* EXTRACTED INFORMATION
End NonemptyDomain.

Lemma KL_frob_le_betaG (G : T -> 'M[R]_n) x : D x ->
  {ae P, forall w, (fun N : nat => G0 x + \sum_(i < N) (Num.sqrt (sigma i) * eta i w) *: Gi i x)
     @ \oo --> G w} ->
  {ae P, forall w, (bG w < +oo)%E /\ frob (G w) <= fine (bG w)}.
Proof.
move=> Dx; apply: filterS2 (Q_fin_num_ae Dx) => w Qw G_lim.
split; first exact: (betaG_lty Dx _ Qw).
by apply: (frob_cvg_le G_lim) => N; exact: (frob_KL_partial_le Dx _ _ _ Dx Qw).
Qed.

Lemma integral_betaG_sqr_lty (a b : R) : 0 <= a -> 0 <= b ->
  (\int[P]_w (a + b * fine (bG w) ^+ 2)%:E < +oo)%E.
Proof.
move=> a_ge0 b_ge0; have [[x Dx]|D_empty] := pselect (exists x, D x).
  exact: (nonempty_integral_betaG_sqr_lty Dx _ _ a_ge0 b_ge0).
(* On an empty domain [supnormF] is [-oo], hence so is [betaG], and [fine] maps it to [0]. *)
have D0 : D = set0 by apply/seteqP; split => x // Dx; apply: D_empty; exists x.
have -> : (fun w => (a + b * fine (bG w) ^+ 2)%:E) = cst (a + b * 0 ^+ 2)%:E.
  by apply/funext => w; rewrite /betaG /supnormF D0 image_set0 ereal_sup0 addNye.
have : ((a + b * 0 ^+ 2)%:E * P [set: T])%E \is a fin_num by rewrite fin_numM ?fin_num_measure.
by rewrite integral_cst // => /fin_numPlt/andP[].
Qed.

End KarhunenLoeve.
Theorem proposition3
  (R : realType) (d n : nat) (D : set 'rV[R]_d)
  (Kb Lb : 'rV[R]_d -> 'M[R]_n) (k0 kt1 eps : R)
  (dT : measure_display) (T : measurableType dT) (P : probability T R)
  (G0 : 'rV[R]_d -> 'M[R]_n) (sigma : nat -> R)
  (Gi : nat -> 'rV[R]_d -> 'M[R]_n) (eta : nat -> {RV P >-> R})
  (G : 'rV[R]_d -> T -> 'M[R]_n) :
  (0 < d)%N -> (0 < n)%N -> open D -> bounded_set D ->
  (* normalization of the deterministic mean model [K_] = [L_]^T [L_] *)
  0 < k0 -> k0 < kt1 ->
  (forall x, D x -> sym_mx (Kb x)) ->
  (forall x (z : 'cV[R]_n), D x ->
      k0 * sqnorm2 z <= quadf (Kb x) z /\
      quadf (Kb x) z <= (Num.sqrt n%:R)^-1 * kt1 * sqnorm2 z) ->
  (forall x, D x -> upper_tri (Lb x) /\ Kb x = (Lb x)^T *m Lb x) ->
  0 < eps ->
  (* the random field [G] and its Karhunen-Loeve expansion *)
  (forall x, D x -> sym_mx (G0 x)) ->
  (supnormF D G0 < +oo)%E ->
  (forall i, 0 < sigma i) -> (forall i, sigma i.+1 <= sigma i) ->
  (forall i x, D x -> sym_mx (Gi i x)) ->
  (forall i, (eta i : T -> R) \in Lfun P 2%E) ->
  (forall i, ('E_P[eta i] = 0)%E) ->
  (forall i, ('V_P[eta i] = 1)%E) ->
  (forall i j, i <> j -> covariance P (eta i) (eta j) = 0%E) ->
  (forall x, D x -> {ae P, forall w,
      (fun N : nat => G0 x + \sum_(i < N) (Num.sqrt (sigma i) * eta i w) *: Gi i x)
        @ \oo --> G x w}) ->
  (* summability assumption *)
  (\sum_(0 <= i <oo) ((Num.sqrt (sigma i))%:E * supnormF D (Gi i)) < +oo)%E ->
  let k1 := n%:R * kt1 in
  let bG := betaG D G0 sigma Gi (fun i => (eta i : T -> R)) in
  (* (i) exponential type *)
  (forall x, D x -> {ae P, forall w,
      (bG w < +oo)%E /\
      frob ((1 + eps)^-1 *: ((Lb x)^T *m (eps%:M + expM (G x w)) *m Lb x))
        <= k1 * Num.sqrt n%:R * (eps + expR (fine (bG w))) / (1 + eps)})
  /\
  (* (ii) square type *)
  (forall (h : R -> R -> R) (a : 'I_n -> R),
      (forall j, 0 < a j) ->
      (forall a0, 0 < a0 -> forall g, 0 < h a0 g) ->
      (forall a0, 0 < a0 -> forall g g', g < g' -> h a0 g < h a0 g') ->
      (forall a0, 0 < a0 -> exists ca ch, 0 < ca /\ 0 < ch /\
                                  forall g, h a0 g <= ca + ch * g ^+ 2) ->
      exists gamma0 gamma1 : R, 0 < gamma0 /\ 0 < gamma1 /\
        let beta := fun w => k1 * (Num.sqrt n%:R * eps + gamma0
                                   + gamma1 * fine (bG w) ^+ 2) / (1 + eps) in
        (forall x, D x -> {ae P, forall w,
           (bG w < +oo)%E /\
           frob ((1 + eps)^-1 *: ((Lb x)^T *m
                 (eps%:M + (calL h a (G x w))^T *m calL h a (G x w)) *m Lb x))
             <= beta w}) /\
        (\int[P]_w (beta w)%:E < +oo)%E).
Proof.
move=> _ _ _ _ k0_gt0 k0_lt_kt1 _ Kb_bounds Lb_chol eps_gt0 _ G0_lty sigma_gt0 _ _
  eta_L2 eta_mean eta_var _ KL_cvg KL_sum k1 bG.
have kt1_ge0 : 0 <= kt1 by rewrite ltW // (lt_trans k0_gt0).
have eps_ge0 := ltW eps_gt0.
have eta_sqr i := integral_sqr_centered_unit_variance (eta_L2 i) (eta_mean i) (eta_var i).
have frob_G x : D x -> {ae P, forall w, (bG w < +oo)%E /\ frob (G x w) <= fine (bG w)}.
  by move=> Dx; exact: KL_frob_le_betaG G0_lty sigma_gt0 KL_sum eta_sqr _ _ Dx (KL_cvg x Dx).
split=> [x Dx | h a a_gt0 h_gt0 _ h_sq].
  apply: filterS (frob_G x Dx) => w [bG_lty Gw]; split => //.
  exact: frob_exponential_type_le kt1_ge0 eps_ge0 (fun z => (Kb_bounds x z Dx).2) (Lb_chol x Dx).2 Gw.
have [g0 [g1 [g0_gt0 [g1_gt0 calL_le]]]] := calL_sqr_quadratic_bound a_gt0 h_gt0 h_sq.
exists g0, g1; do 2 split => //; move=> beta; split=> [x Dx|].
  apply: filterS (frob_G x Dx) => w [bG_lty Gw]; split => //.
  exact: frob_square_type_le kt1_ge0 eps_ge0 (ltW g1_gt0) (fun z => (Kb_bounds x z Dx).2)
    (Lb_chol x Dx).2 (calL_le _) Gw.
have k1_ge0 : 0 <= k1 by rewrite mulr_ge0.
have -> : (fun w => (beta w)%:E) = (fun w =>
    (k1 * (Num.sqrt n%:R * eps + g0) / (1 + eps) + k1 * g1 / (1 + eps) * fine (bG w) ^+ 2)%:E).
  by apply/funext => w; rewrite /beta; congr EFin; ring.
have e_ge0 : 0 <= (1 + eps)^-1 by rewrite invr_ge0; exact: addr_ge0 ler01 eps_ge0.
have X_ge0 : 0 <= Num.sqrt n%:R * eps + g0.
  exact: addr_ge0 (mulr_ge0 (sqrtr_ge0 _) eps_ge0) (ltW g0_gt0).
apply: integral_betaG_sqr_lty G0_lty sigma_gt0 KL_sum eta_sqr _ _ _ _.
- exact: mulr_ge0 (mulr_ge0 k1_ge0 X_ge0) e_ge0.
- exact: mulr_ge0 (mulr_ge0 k1_ge0 (ltW g1_gt0)) e_ge0.
Qed.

* YOUR OBJECTIVE
Send back exactly the lines of the listing above starting at the one with "(dT : measure_display)" and ending at the one with "k0 * sqnorm2 z <= quadf (Kb x) z /\", inclusive, and no others.

* ANSWER TO THIS PROBLEM
  (dT : measure_display) (T : measurableType dT) (P : probability T R)
  (G0 : 'rV[R]_d -> 'M[R]_n) (sigma : nat -> R)
  (Gi : nat -> 'rV[R]_d -> 'M[R]_n) (eta : nat -> {RV P >-> R})
  (G : 'rV[R]_d -> T -> 'M[R]_n) :
  (0 < d)%N -> (0 < n)%N -> open D -> bounded_set D ->
  (* normalization of the deterministic mean model [K_] = [L_]^T [L_] *)
  0 < k0 -> k0 < kt1 ->
  (forall x, D x -> sym_mx (Kb x)) ->
  (forall x (z : 'cV[R]_n), D x ->
      k0 * sqnorm2 z <= quadf (Kb x) z /\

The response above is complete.